あさえが家の前で遊んでいると、おかあさんが小さい妹のあやちゃんが寝ている間に銀行へと行ってくると言います。あやちゃんが起きる前に帰ってくるとおかあさんは言っていましたが、おかあさんが行ってしまってからすぐあやちゃんの泣き声が玄関から聞こえました。あさえはあやちゃんと遊んでやりますが、ちょっと目を離した隙にあやちゃんがいなくなり…。小さな妹を探して奔走し、やっと見つけたあやちゃんを無言で抱きしめるあさえの姿に、小さいながらも姉としての自覚を持つあさえの心情がよく伝わってくる作品。
第1王子が3、4歳の頃大好きだった本で、毎日のように読んでいたのですっかり内容を覚えてしまいました。4、5歳と思われるちいさいお姉ちゃん、あさえがおかあさんの留守中に1歳位のちいさな妹、あやちゃんの面倒をよくみてやるお話です。あさえはあやちゃんを喜ばせようと地面にチョークで夢中で線路を描くうち、あやちゃんがいなくなってしまいます。
あさえのどうしよう、どうしようというドキドキ感が、林明子の素晴らしい挿絵の効果で一層よく読み手に伝わってくる素晴らしい作品です。第1王子も多分このあさえちゃんのドキドキ感が好きだったのではないでしょうか。

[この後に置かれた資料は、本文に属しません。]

Lemma classes_le_count_nonnull (K : seq (set T)) r (l : 'I_(size K) -> 'I_r) :
  {in K, forall A, measurable A} ->
  (forall s, nonnull mu (\bigcup_(i in [set i | l i = s]) nth set0 K i)) ->
  (r <= count (nonnull mu) K)%N.
Proof.
move=> mK nnU; set P := [set i : 'I_(size K) | nonnull mu (nth set0 K i)]%SET.
have lP : l @: P = [set: 'I_r]%SET.
  apply/setP => s; rewrite inE; apply/imsetP.
  have [i /= lis nnKi] := nonnull_bigcup finite_finset
    (fun i _ => mK _ (mem_nth set0 (ltn_ord i))) (nnU s).
  by exists i; rewrite ?inE.
have -> : count (nonnull mu) K = #|P|.
  by rewrite -sum1_count (big_nth set0) big_mkord sum1dep_card.
by rewrite -[r]card_ord -cardsT -lP leq_imset_card.
Qed.

End nonnull.

Lemma nonnull_meets d (T : measurableType d) (R : realType) (P : probability T R)
    (S H : set T) :
  measurable S -> P S = 1%E -> measurable H -> nonnull P H -> exists x, H x /\ S x.
Proof.
move=> mS PS1 mH; apply: contraTP => /forallNP HS; apply/negPn; rewrite -measure_le0.
have <- : P (~` S) = 0%E by rewrite probability_setC // PS1 subee.
apply: le_measure; rewrite ?inE //; first exact: measurableC.
by move=> x Hx Sx; apply: (HS x).
Qed.

Section rect.
Variable R : realType.

Definition rect n (f g : nat -> R) : set (n.-tuple R) :=
  [set x | forall i : 'I_n, f i <= tnth x i <= g i].
Arguments rect : clear implicits.

Definition cube (del : R) n (q : nat -> R) : set (n.-tuple R) :=
  rect n q (fun i => q i + del).
Arguments cube : clear implicits.

Definition tdot n (a x : n.-tuple R) : R := \sum_(i < n) tnth a i * tnth x i.

Lemma rect0 (f g : nat -> R) : rect 0 f g = setT.
Proof. by apply/seteqP; split => // x _ []. Qed.
(* Let $d\ge 1$. Given a set of $d+3$ points in $\mathbb{R}^d$, there are two disjoint subsets $A$ and $B$ of it with $|A|=|B|$ such that $\mathrm{conv}(A)\cap\mathrm{conv}(B)\neq\emptyset$. *)

From HB Require Import structures.
From mathcomp Require Import all_boot all_order all_algebra.
From mathcomp Require Import reals.
Set Implicit Arguments. Unset Strict Implicit. Unset Printing Implicit Defensive.
Import Order.TTheory GRing.Theory Num.Theory.
Local Open Scope ring_scope.

(* A finite set of n points is
   given by an injective indexing p : 'I_n -> 'rV[R]_d; a subset of it is
   given by a set of indices A : {set 'I_n}. *)
Definition in_conv (R : realType) (d n : nat) (p : 'I_n -> 'rV[R]_d)
    (A : {set 'I_n}) (x : 'rV[R]_d) : Prop :=
  exists w : 'I_n -> R,
    (forall i, i \in A -> 0 <= w i) /\
    \sum_(i in A) w i = 1 /\
    x = \sum_(i in A) w i *: p i.

From HB Require Import structures.
From mathcomp Require Import all_boot all_order all_algebra.
From mathcomp Require Import reals.
From mathcomp Require classical_sets.
From mathcomp Require Import ring lra zify.
Import Order.TTheory GRing.Theory Num.Theory.
Local Open Scope ring_scope.

(* The affine dependences of n = d + 3 points of R^d form a space of
   dimension at least 2.  Along a pencil u + t v of such dependences, where v
   has more than k = n/2 (rounded down) positive entries, the number of
   negative entries exceeds k for t near -oo and the number of positive ones
   exceeds k for t near +oo; at the supremum of the first region both counts
   are at most k.  Padding the positive and the negative supports of this
   dependence with zero-weight indices gives two disjoint sets of size k, and
   normalising the positive and the negative part gives a common point of
   their convex hulls. *)

Lemma exists_subset_card (T : finType) (C : {set T}) m :
  (m <= #|C|)%N -> exists2 A : {set T}, A \subset C & #|A| = m.
Proof.
case/card_geqP => s [uniq_s size_s sC]; exists [set x in s].
  by apply/subsetP => x; rewrite inE => /sC.
by rewrite cardsE -size_s; apply/card_uniqP.
Qed.

Lemma exists_card_between {T : finType} {P C : {set T}} {m} :
  P \subset C -> (#|P| <= m <= #|C|)%N ->
  exists A : {set T}, [/\ P \subset A, A \subset C & #|A| = m].
Proof.
move=> PC /andP[Pm mC].
have [D DCP cD] : exists2 D : {set T}, D \subset C :\: P & #|D| = (m - #|P|)%N.
  by apply: exists_subset_card; rewrite cardsD (setIidPr PC); lia.
have PD0 : P :&: D = set0.
  apply/setP => x; rewrite !inE; apply/negbTE/andP => -[xP /(subsetP DCP)].
  by rewrite inE xP.
exists (P :|: D); split; first exact: subsetUl.
  by rewrite subUset PC (subset_trans DCP) ?subsetDl.
by rewrite cardsU PD0 cards0 cD; lia.
Qed.

Lemma pad_disjoint {T : finType} {P N : {set T}} {k} :
  [disjoint P & N] -> (#|P| <= k)%N -> (#|N| <= k)%N -> (k.*2 <= #|T|)%N ->
  exists A B : {set T},
    [/\ P \subset A, N \subset B, [disjoint A & B], #|A| = k & #|B| = k].
Proof.
move=> dPN Pk Nk kT.
have cC (X : {set T}) : #|~: X| = (#|T| - #|X|)%N by rewrite -(cardsC X); lia.
have [A [PA AN cA]] : exists A : {set T}, [/\ P \subset A, A \subset ~: N & #|A| = k].
  by apply: exists_card_between; rewrite -?disjoints_subset // Pk cC; lia.
have [B [NB BA cB]] : exists B : {set T}, [/\ N \subset B, B \subset ~: A & #|B| = k].
  apply: exists_card_between; last by rewrite Nk cC cA; lia.
  by rewrite -disjoints_subset disjoint_sym disjoints_subset.
by exists A, B; split => //; rewrite disjoint_sym disjoints_subset.
Qed.

Lemma sum_disjoint_support {V : nmodType} {T : finType} {A B : {set T}}
    (F : T -> V) :
  [disjoint A & B] -> (forall i, i \notin A -> i \notin B -> F i = 0) ->
  \sum_i F i = \sum_(i in A) F i + \sum_(i in B) F i.
Proof.
move=> dAB F0; rewrite -bigU //; symmetry; apply: big_rmcond => i.
by rewrite !inE negb_or => /andP[/F0]; apply.
Qed.

Section SignPattern.
Context {R : realType} {n : nat}.
Implicit Types (u v w : 'I_n -> R) (k : nat).

Definition balanced k w :=
  (#|[set i | (0 < w i)%R]| <= k)%N && (#|[set i | (w i < 0)%R]| <= k)%N.

Lemma eq_balanced k w w' : w =1 w' -> balanced k w = balanced k w'.
Proof.
move=> ww'; rewrite /balanced.
have -> : [set i | 0 < w i] = [set i | 0 < w' i] by apply/setP => i; rewrite !inE ww'.
by have -> : [set i | w i < 0] = [set i | w' i < 0] by apply/setP => i; rewrite !inE ww'.
Qed.

Lemma card_pos_neg w : (#|[set i | (0 < w i)%R]| + #|[set i | (w i < 0)%R]| <= n)%N.
Proof.
rewrite -cardsUI.
have -> : [set i | 0 < w i] :&: [set i | w i < 0] = set0.
  by apply/setP => i; rewrite !inE; apply/negbTE/andP => -[/lt_trans h/h]; rewrite ltxx.
by rewrite cards0 addn0 -[X in (_ <= X)%N]card_ord max_card.
Qed.

Lemma neg_set_opp u v (s : R) :
  [set i | u i + s * v i < 0] = [set i | 0 < - u i + s * - v i].
Proof. by apply/setP => i; rewrite !inE mulrN -opprD oppr_gt0. Qed.

Lemma pos_set_stable u v (t : R) :
  exists2 e : R, 0 < e & forall s, `|s - t| <= e ->
    [set i | 0 < u i + t * v i] \subset [set i | 0 < u i + s * v i].
Proof.
set J := [set i | 0 < u i + t * v i].
set S := \sum_(i in J) `|v i| / (u i + t * v i).
have S0 : 0 <= S by apply: sumr_ge0 => i; rewrite inE => a0; rewrite divr_ge0 // ltW.
exists (1 + S)^-1 => [|s hs]; first by rewrite invr_gt0; lra.
apply/subsetP => i iJ; move: (iJ); rewrite !inE => a0.
set a := u i + t * v i in a0 *.
have vS : `|v i| <= S * a.
  rewrite -ler_pdivrMr // /S (bigD1 i) //= lerDl.
  by apply: sumr_ge0 => j /andP[]; rewrite inE => a0' _; rewrite divr_ge0 // ltW.
have small : `|(s - t) * v i| < a.
  rewrite normrM; apply: (le_lt_trans (ler_pM _ _ hs vS)) => //.
  by rewrite ltr_pdivrMl; nra.
have -> : u i + s * v i = a + (s - t) * v i by rewrite /a; ring.
have := ler_norm (- ((s - t) * v i)); rewrite normrN; lra.
Qed.

Lemma neg_set_stable u v (t : R) :
  exists2 e : R, 0 < e & forall s, `|s - t| <= e ->
    [set i | u i + t * v i < 0] \subset [set i | u i + s * v i < 0].
Proof.
have [e e0 he] := pos_set_stable (fun i => - u i) (fun i => - v i) t.
by exists e => // s hs; rewrite !neg_set_opp; apply: he.
Qed.

Lemma sign_eventually u v : exists M : R, forall (t : R) i, 0 < v i ->
  (M < t -> 0 < u i + t * v i) /\ (t < - M -> u i + t * v i < 0).
Proof.
exists (\sum_j `|u j| / `|v j|) => t i vi.
have uM : `|u i| <= (\sum_j `|u j| / `|v j|) * v i.
  rewrite -ler_pdivrMr // -[v i]gtr0_norm // (bigD1 i) //= lerDl.
  by apply: sumr_ge0 => j _; rewrite divr_ge0.
have := ler_norm (u i); have := ler_norm (- u i); rewrite normrN.
by split => ?; nra.
Qed.

Lemma balanced_shift k u v : (n <= k.*2.+1)%N ->
  (k < #|[set i | (0 < v i)%R]|)%N -> exists t, balanced k (fun i => u i + t * v i).
Proof.
move=> nk vk.
pose Pc t := #|[set i | 0 < u i + t * v i]|.
pose Nc t := #|[set i | u i + t * v i < 0]|.
have Pc_Nc t : (k < Pc t)%N -> (Nc t <= k)%N.
  by have := card_pos_neg (fun i => u i + t * v i); rewrite -/(Pc t) -/(Nc t); lia.
have [M hM] := sign_eventually u v.
have contains_pos_v (S : {set 'I_n}) : (forall i, 0 < v i -> i \in S) -> (k < #|S|)%N.
  move=> vS; apply: leq_trans vk (subset_leq_card _).
  by apply/subsetP => i; rewrite inE => /vS.
pose E t := (k < Nc t)%N.
have E_ub t : E t -> t <= M.
  rewrite /E leNgt => Et; apply/negP => Mt.
  have Pt : (k < Pc t)%N by apply: contains_pos_v => i vi; rewrite inE; exact: (hM t i vi).1.
  by have := Pc_Nc t Pt; rewrite leqNgt Et.
have hE : classical_sets.has_sup E.
  split; last by exists M; exact: E_ub.
  exists (- M - 1); apply: contains_pos_v.
  by move=> i vi; rewrite inE; apply: (hM _ i vi).2; lra.
have E_le_sup t : E t -> t <= sup E := @sup_upper_bound _ _ hE t.
exists (sup E); apply/andP; split; rewrite leqNgt; apply/negP.
- move=> Pk; have [e e0 he] := pos_set_stable u v (sup E).
  have [t Et lt_t] := sup_adherent e0 hE.
  have t_le := E_le_sup t Et.
  move: Et; apply/negP; rewrite /E -leqNgt; apply: Pc_Nc.
  apply: leq_trans Pk (subset_leq_card (he t _)).
  by rewrite ler_norml; apply/andP; split; lra.
- move=> Nk; have [e e0 he] := neg_set_stable u v (sup E).
  have : E (sup E + e).
    apply: leq_trans Nk (subset_leq_card (he _ _)).
    by rewrite addrAC subrr add0r gtr0_norm.
  by move/E_le_sup; lra.
Qed.

Lemma balanced_combination k u v : (n <= k.*2.+1)%N ->
  exists a b : R, ((a != 0) || (b != 0)) /\ balanced k (fun i => a * u i + b * v i).
Proof.
move=> nk.
have [v_bal|] := boolP (balanced k v).
  exists 0, 1; rewrite oner_neq0 orbT; split => //.
  by rewrite (eq_balanced k _ v) // => i; rewrite mul0r add0r mul1r.
rewrite negb_and -!ltnNge => /orP[pos_v|neg_v].
  have [t bal] := balanced_shift k u v nk pos_v.
  exists 1, t; rewrite oner_neq0; split => //.
  by rewrite (eq_balanced k _ (fun i => u i + t * v i)) // => i; rewrite mul1r.
have neg_v' : (k < #|[set i | (0 < - v i)%R]|)%N.
  by rewrite (eq_card (B := [set i | v i < 0])) // => i; rewrite !inE oppr_gt0.
have [t bal] := balanced_shift k u (fun i => - v i) nk neg_v'.
exists 1, (- t); rewrite oner_neq0; split => //.
by rewrite (eq_balanced k _ (fun i => u i + t * - v i)) // => i; rewrite mul1r mulrN mulNr.
Qed.

End SignPattern.

Section AffineDependence.
Context {R : realType} {d n : nat} (p : 'I_n -> 'rV[R]_d).

Definition affine_dep (w : 'I_n -> R) :=
  \sum_i w i = 0 /\ \sum_i w i *: p i = 0.

Lemma affine_dep_comb (a b : R) {u v} : affine_dep u -> affine_dep v ->
  affine_dep (fun i => a * u i + b * v i).
Proof.
move=> [su up] [sv vp]; split.
  by rewrite big_split /= -!mulr_sumr su sv !mulr0 addr0.
under eq_bigr do rewrite scalerDl -!scalerA.
by rewrite big_split /= -!scaler_sumr up vp !scaler0 addr0.
Qed.

Lemma mulmx_col_eq0 (l : 'rV[R]_n) (c : 'I_n -> R) :
  l *m \col_i c i = 0 -> \sum_i l 0 i * c i = 0.
Proof.
move=> /(congr1 (fun M : 'M_1 => M 0 0)); rewrite !mxE => h; rewrite -[RHS]h.
by apply: eq_bigr => i _; rewrite mxE.
Qed.

Lemma exists_affine_dep_orth (c : 'I_n -> R) : (d + 2 < n)%N ->
  exists w, [/\ exists j, w j != 0, affine_dep w & \sum_i w i * c i = 0].
Proof.
move=> dn.
pose Q := row_mx (\matrix_i p i) (row_mx (\col_(i < n) (1 : R)) (\col_i c i)).
have : kermx Q != 0.
  by rewrite -mxrank_eq0 mxrank_ker; have := rank_leq_col Q; lia.
case/rowV0Pn => l /sub_kermxP; rewrite !mul_mx_row => /eqP.
rewrite !row_mx_eq0 => /andP[/eqP lp /andP[/eqP/mulmx_col_eq0 l1 /eqP/mulmx_col_eq0 lc]] l0.
exists (fun i => l 0 i); split => //.
- apply/existsP; apply: contraNT l0 => /existsPn l0.
  by apply/eqP/rowP => j; rewrite mxE; apply/eqP/negPn.
- split; first by rewrite -[RHS]l1; under [RHS]eq_bigr do rewrite mulr1.
  by rewrite -[RHS]lp mulmx_sum_row; apply: eq_bigr => i _; rewrite rowK.
Qed.

Lemma independent_affine_deps : (d + 2 < n)%N ->
  exists u v, [/\ affine_dep u, affine_dep v & forall a b : R,
    (a != 0) || (b != 0) -> exists j, a * u j + b * v j != 0].
Proof.
move=> dn.
have [v [[i0 vi0] dv _]] := exists_affine_dep_orth (fun=> 0) dn.
(* Orthogonality to the indicator of [i0] makes [u] vanish where [v] does not. *)
have [u [[i1 ui1] du ui0]] := exists_affine_dep_orth (fun i => (i == i0)%:R) dn.
have {}ui0 : u i0 = 0.
  rewrite -ui0 (bigD1 i0) //= eqxx mulr1 big1 ?addr0 // => i /negbTE ->.
  by rewrite mulr0.
exists u, v; split => // a b; have [-> | b0] := eqVneq b 0.
  by rewrite orbF => a0; exists i1; rewrite mul0r addr0 mulf_neq0.
by exists i0; rewrite ui0 mulr0 add0r mulf_neq0.
Qed.

Lemma in_conv_normalize (A : {set 'I_n}) (w : 'I_n -> R) :
  (forall i, i \in A -> 0 <= w i) -> 0 < \sum_(i in A) w i ->
  in_conv p A ((\sum_(i in A) w i)^-1 *: \sum_(i in A) w i *: p i).
Proof.
move=> w_ge0 s_gt0; exists (fun i => w i / \sum_(j in A) w j); split; [|split].
- by move=> i /w_ge0 wi; rewrite divr_ge0 // ltW.
- by rewrite -mulr_suml mulfV // gt_eqF.
- by rewrite scaler_sumr; apply: eq_bigr => i _; rewrite scalerA mulrC.
Qed.

Lemma radon_affine_dep (w : 'I_n -> R) (A B : {set 'I_n}) :
  (exists j, w j != 0) -> affine_dep w -> [disjoint A & B] ->
  [set i | 0 < w i] \subset A -> [set i | w i < 0] \subset B ->
  exists x, in_conv p A x /\ in_conv p B x.
Proof.
move=> [j wj] [sw swp] dAB posA negB.
have wA i : i \in A -> 0 <= w i.
  move=> iA; rewrite leNgt; apply/negP => wi.
  by rewrite (disjointFl dAB (subsetP negB i _)) ?inE in iA.
have wB i : i \in B -> w i <= 0.
  move=> iB; rewrite leNgt; apply/negP => wi.
  by rewrite (disjointFr dAB (subsetP posA i _)) ?inE in iB.
have w0 i : i \notin A -> i \notin B -> w i = 0.
  move=> iA iB; apply/eqP; rewrite eq_le !leNgt; apply/andP; split; apply/negP => wi.
  - by rewrite (subsetP posA) ?inE in iA.
  - by rewrite (subsetP negB) ?inE in iB.
set sA := \sum_(i in A) w i; set sB := \sum_(i in B) w i.
have sAB : sA + sB = 0 by rewrite -sw (sum_disjoint_support _ dAB w0).
have vAB : \sum_(i in A) w i *: p i = - \sum_(i in B) w i *: p i.
  apply/eqP; rewrite -addr_eq0; apply/eqP; rewrite -[RHS]swp; symmetry.
  by apply: (sum_disjoint_support (fun i => w i *: p i)) => // i iA iB; rewrite w0 ?scale0r.
have sA_gt0 : 0 < sA.
  rewrite lt_def sumr_ge0 // andbT; apply: contra wj => /eqP sA0.
  have wA0 := psumr_eq0P wA sA0.
  have wB0 : forall i, i \in B -> - w i = 0.
    by apply: psumr_eq0P => [i /wB|]; rewrite ?oppr_ge0 // sumrN -/sB; lra.
  have [jA|jA] := boolP (j \in A); first by rewrite wA0.
  have [jB|jB] := boolP (j \in B); last by rewrite w0.
  by rewrite -oppr_eq0 wB0.
exists (sA^-1 *: \sum_(i in A) w i *: p i); split; first exact: in_conv_normalize.
have -> : sA = \sum_(i in B) - w i by rewrite sumrN -/sB; lra.
rewrite vAB -sumrN (eq_bigr (fun i => - w i *: p i)) => [|i _]; last by rewrite scaleNr.
apply: in_conv_normalize => [i /wB|]; first by rewrite oppr_ge0.
by rewrite sumrN -/sB; lra.
Qed.

Lemma radon_balanced k (w : 'I_n -> R) : (k.*2 <= n)%N ->
  (exists j, w j != 0) -> affine_dep w -> balanced k w ->
  exists A B : {set 'I_n},
    [/\ [disjoint A & B], #|A| = #|B| &
        exists x, in_conv p A x /\ in_conv p B x].
Proof.
move=> kn w_nz dep /andP[Pk Nk].
have dPN : [disjoint [set i | 0 < w i] & [set i | w i < 0]].
  by rewrite disjoints_subset; apply/subsetP => i; rewrite !inE -leNgt => /ltW.
have kT : (k.*2 <= #|'I_n|)%N by rewrite card_ord.
have [A [B [PA NB dAB cA cB]]] := pad_disjoint dPN Pk Nk kT.
by exists A, B; split; [|rewrite cA cB|exact: radon_affine_dep w_nz dep dAB PA NB].
Qed.

End AffineDependence.

Theorem corollary2 (R : realType) (d : nat) (hd : (1 <= d)%N)
  (p : 'I_(d + 3) -> 'rV[R]_d) (hp : injective p) :
  exists A B : {set 'I_(d + 3)},
    [/\ [disjoint A & B], #|A| = #|B| &
        exists x : 'rV[R]_d, in_conv p A x /\ in_conv p B x].
Proof.
have dn : (d + 2 < d + 3)%N by rewrite ltn_add2l.
have [u [v [du dv uv_indep]]] := independent_affine_deps p dn.
set k := (d + 3)./2.
have [kn nk] : (k.*2 <= d + 3 /\ d + 3 <= k.*2.+1)%N.
  by have := odd_double_half (d + 3); case: odd => /=; lia.
have [a [b [ab_nz bal]]] := balanced_combination k u v nk.
exact: radon_balanced p k _ kn (uv_indep a b ab_nz) (affine_dep_comb p a b du dv) bal.
Qed.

ストーリーはテンポよく進み、最後の裏表紙まで物語が続いています。最後まで余韻が楽しめる作品になっています。
実際に 『ちいさいおとうと』 ができた第1王子にとって、あさえの気持ちが今一層よく分かるのかもしれません。久しぶりに本棚から出して読んでみようかなと思います。
このお話は 『いもうとのにゅういん』 へと続きます。おなじくあさえとあやちゃんの姉妹が出てきます、この事実には実は最近気付きました。時代設定が昭和なところが随所に感じられるのも懐かしい作品です、あさえやあやちゃん、おかあさんの服装とか。昔は道路で遊んでいても誰にも怒られなかったし、それほど危なくなかったのになぁ。